Energy4.12.2024

Eskom praising power thieves — while demanding 66% tariff hikes for paying customers

While over a quarter of Eskom’s prepaid customers are stealing electricity and bleeding the utility dry, it wants to slap its law-abiding paying customers with exorbitant price hikes of 66% in the next three years.

The arrival of the key revision number (KRN) rollover deadline on 24 November 2024 confirmed that South Africa’s main power utility is likely losing much more to electricity theft than its previous estimates had suggested.

Speaking after the KRN rollover deadline expired, electricity minister Kgosientsho Ramokgopa revealed that Eskom now estimates it loses R2.5 billion a month due to non-payment by its direct customers.

That works out to about R30 billion per year, substantially higher than the R5.6 billion Eskom said it had lost to electricity theft in its last reported financial year.

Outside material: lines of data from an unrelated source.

Lemma exists_maximal_eventually_noncompact :
  (exists z, eventually_noncompact z) ->
  exists m, eventually_noncompact m /\
    forall y, eventually_noncompact y -> le m y -> y = m.
Proof.
  intros [z0 Hz0].
  destruct (poset_zorn (subposet P eventually_noncompact)) as [[m Hm] Hmax].
  - intros A HA.
    destruct (classic (exists t, A t /\ forall s, A s -> le s t)) as [[t [_ Ht]] | Hnogreatest];
      [eauto|].
    destruct (classic (exists t, A t)) as [[t0 At0] | Hempty].
    2: { exists (exist _ z0 Hz0); intros s As; contradict Hempty; eauto. }
    destruct (chain_lub_eventually_noncompact (fun x => exists h, A (exist _ x h)))
      as [z [Hz Hzub]].
    + intros x y [hx Ax] [hy Ay]; exact (HA _ _ Ax Ay).
    + exists (proj1_sig t0), (proj2_sig t0); destruct t0; exact At0.
    + intros [t [[ht At] Ht]]; apply Hnogreatest; exists (exist _ t ht); split; [exact At|].
      intros [s hs] As; apply Ht; eauto.
    + exists (exist _ z Hz); intros [s hs] As; apply Hzub; eauto.
  - exists m; split; [exact Hm|].
    intros y Hy Hmy; exact (f_equal (@proj1_sig _ _) (Hmax (exist _ y Hy) Hmy)).
Qed.

End IteratedIdeals.

Theorem theorem4p2 (P0 : Poset) :
  (forall n : nat, exists Pn : Poset, order_iso P0 (id_iter n Pn)) ->
  ACC P0.
Proof.
  intros Hiter; apply NNPP; intro HnACC.
  destruct (exists_maximal_eventually_noncompact P0 Hiter
              (not_ACC_eventually_noncompact P0 Hiter HnACC)) as [m [Hm Hmax]].
  destruct (eventually_noncompact_not_maximal P0 Hiter m Hm) as [y [Hmy [Hym Hy]]].
  exact (Hym (Hmax y Hy Hmy)).
Qed.
(* non(N) = c : every non-null subset of [0,1] has cardinality >= c
   ([0,1] itself is non-null of cardinality c) *)
Definition nonN_eq_c :=
  forall A : set LT, A `<=` D01 -> ~ lam.-negligible A ->
    ([set: R] #<= A)%card.

Variables (I : Type) (lt : I -> I -> Prop).

Definition ae_kconv (fs : I -> LT -> R) (f : LT -> R) :=
  {ae lam, forall t, D01 t -> @kconv I lt R (fun a => fs a t) (f t)}.

Definition kconv_in_measure (fs : I -> LT -> R) (f : LT -> R) :=
  forall eps : R, 0 < eps ->
    @kconv I lt (\bar R) (fun a => lam [set t | D01 t /\ eps <= `|fs a t - f t|]) 0%E.

Definition ANM (fs : I -> LT -> R) :=
  exists f : LT -> R,
    [/\ (forall a, lmeas (fs a)), lmeas f, ae_kconv fs f &
        ~ kconv_in_measure fs f].

Definition ND (fs : I -> LT -> R) :=
  exists (g f : LT -> R),
    (forall a, lmeas (fs a)) /\
    [/\ lam.-integrable D01 (EFin \o g),
        (forall a, {ae lam, forall t, D01 t -> `|fs a t| <= g t}),
        lam.-integrable D01 (EFin \o f),
        ae_kconv fs f &
        ~ @kconv I lt (\bar R) (fun a => (\int[lam]_(t in D01) (`|fs a t - f t|)%:E)%E)
            0%E].

(* evaluation, in the algebra (R^[0,1])^I with indexwise/pointwise
   operations, of a polynomial P in n variables at the elements x_0..x_{n-1} *)
Definition peval (n : nat) (x : 'I_n -> I -> LT -> R)
  (P : mpoly.mpoly n R) : I -> LT -> R :=
  fun a t => mpoly.meval (fun i => x i a t) P.

(* S is strongly c-algebrable in (R^[0,1])^I: a family of c (distinct)
   generators, indexed by R, such that every nonzero polynomial without
   constant term evaluated at distinct generators gives a nonzero element
   (algebraic independence) lying in S *)
Definition strongly_c_algebrable (S : (I -> LT -> R) -> Prop) :=
  exists gen : R -> I -> LT -> R,
    injective gen /\
    forall (n : nat) (k : 'I_n -> R), injective k ->
    forall P : mpoly.mpoly n R, P != 0 ->
      mpoly.mcoeff (@mpoly.mnm0 n) P = 0 ->
      (exists a t, D01 t /\ peval (fun i => gen (k i)) P a t <> 0) /\
      S (peval (fun i => gen (k i)) P).

End Defs.
(* Let $m\ge1$ be an integer. Then: (I) $\sup\{\min_{i\in[0:m]}G_i(\boldsymbol\beta): 0<\beta_1<\cdots<\beta_m<\infty\}=2+2\cos\left(\frac{2\pi}{2m+2}\right)$; (II) $\sup\{\min_{i\in[0:m]}G_i(\boldsymbol\beta): 0<\beta_1<\cdots<\beta_m=\infty\}=2+2\cos\left(\frac{2\pi}{2m+1}\right)$; (III) $\sup\{\min_{i\in[0:m]}G_i(\boldsymbol\beta): 0=\beta_1<\cdots<\beta_m<\infty\}=2+2\cos\left(\frac{2\pi}{2m+1}\right)$; (IV) if $m\ge2$, $\sup\{\min_{i\in[0:m]}G_i(\boldsymbol\beta): 0=\beta_1<\cdots<\beta_m=\infty\}=2+2\cos\left(\frac{2\pi}{2m}\right)$.
   Context: Variables $\beta_i$ take values in the extended half-line $[0,\infty]$ with the conventions $1/0=\infty$, $1/\infty=0$, $x+\infty=\infty$. For $\boldsymbol\beta=(\beta_1,\dots,\beta_m)$ define $G_0(\boldsymbol\beta)=1+\frac{1}{\beta_1}$, $G_i(\boldsymbol\beta)=2+\beta_i+\frac{1}{\beta_{i+1}}$ for $i\in[1:m-1]$, and $G_m(\boldsymbol\beta)=1+\beta_m$. (In the paper, $\sigma_{n,m}$ denotes these optimal values minus $2$.) *)

From Stdlib Require Import Reals Lra Lia Arith.
Open Scope R_scope.

(* The extended half-line [0, oo] is modelled as R extended by +oo;
   all values that occur below are >= 0. *)
Inductive ER : Type := Fin (r : R) | PInf.

Definition ER_inv (x : ER) : ER :=
  match x with
  | Fin r => if Req_EM_T r 0 then PInf else Fin (/ r)
  | PInf => Fin 0
  end.

Definition ER_add (x y : ER) : ER :=
  match x, y with
  | Fin a, Fin b => Fin (a + b)
  | _, _ => PInf
  end.

Definition ER_le (x y : ER) : Prop :=
  match x, y with
  | Fin a, Fin b => a <= b
  | _, PInf => True
  | PInf, Fin _ => False
  end.

Definition ER_lt (x y : ER) : Prop := ER_le x y /\ x <> y.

Eskom’s estimate is not far off from MyBroadband’s earlier calculations, which were based on the number of meters that remained un-updated in the months before the KRN rollover.

The power utility confirmed that the most likely reason these meters were not being recoded was because they were bypassed or were illegally vending electricity.

Roughly 5.07 million had recoded their meters by 2 December 2024, making up just 73.35% of Eskom’s total prepaid customer base.

Another 1.84 million meters remained on KRN version 1 and are suspected of being electricity thieves.

The fact that this number has barely been reduced suggests that the meters are bypassed completely rather than using illegal electricity tokens, as vouchers from “ghost vendors” would no longer work after the deadline.

Despite the rampant electricity theft revealed by the prepaid electricity meter update process, Eskom has described its KRN project as a “success.”

The power utility has not admitted that its failure to act earlier on illegal connections had potentially cost it billions of rand in revenue every year.

It also had over a decade for the KRN rollover but only started recoding meters en masse from August 2023.

Starting the project earlier would have allowed for the identification of many bypassed and tampered meters years ago and helped crack down on ghost vendors.

Had Eskom intervened earlier, its financial performance may also have looked very different in recent years.

Eskom has estimated that it will post an annual loss as high as R15 billion in the financial year ending March 2024, with an estimated R26.6 billion lost due to electricity theft.

Therefore, Eskom could have posted a profit of R11.61 billion if it had no electricity theft from its prepaid customers.

To break even, it would have needed to reconnect 56% of the electricity thieves on its books.

Not calling a spade a spade

In the statement on its “successful” KRN rollover, the power utility said that its rolling annual average of 2.1 million electricity thieves was moving towards 1.7 million.

It said this was due to roughly 400,000 “zero buyers”, a euphemism for electricity thieves, coming forward.

Eskom generation executive Monde Bala said the utility would continue to treat these users with “dignity and respect” as they had done the “right thing.”

Although the power utility has argued these customers would now become paying users, Impact Services senior manager Johan Hopley recently told Rapport that this would only happen once their meters were inspected, repaired, and replaced.

Hopley also pointed out that affluent households and businesses were also a major part of the problem.

Eskom’s soft-glove approach to electricity theft may warrant a wake-up call, particularly as it is detrimental to paying customers.

It is not hard to imagine the police would quickly become the public’s laughing stock if they called car thieves or shoplifters “zero buyers.”

Eskom’s tolerant attitude may be considered a slap in the face of paying customers, who have suffered under heavy tariff hikes far above inflation for more than a decade.

Eskom CEO Dan Marokane has said the utility is doing everything “practically possible” to ensure everyone pays for electricity.

Marokane said the utility aimed to be sustainable to drive South Africa’s economy and reduce the utility’s burden on the taxpayer.

Critics might argue that a “rolling” annual average of 2.1 million electricity thieves is hardly a sustainable business model.

Instead of ramping up its fight against illegal connections — either by investing more in its own efforts or through more serious calls to government for assistance in resisting communities — Eskom plans to address its plummeting revenues with even higher tariff hikes.

Over the next three years, it has applied for combined electricity tariff hikes of 66% from its direct customers and even more from municipalities.

It also wants to punish lower consumption users including small households and solar power users with much higher fixed tariffs under its retail tariff plan.

Eskom evidently regards paying customers to be easier targets for extracting additional revenue than electricity thieves.

The approach is not only ethically questionable but could pose a threat to Eskom’s future existence.

Huge electricity tariff increases could cause those with the means for installing self-generation to go completely off-grid and those who cannot afford electricity to join the masses already stealing power.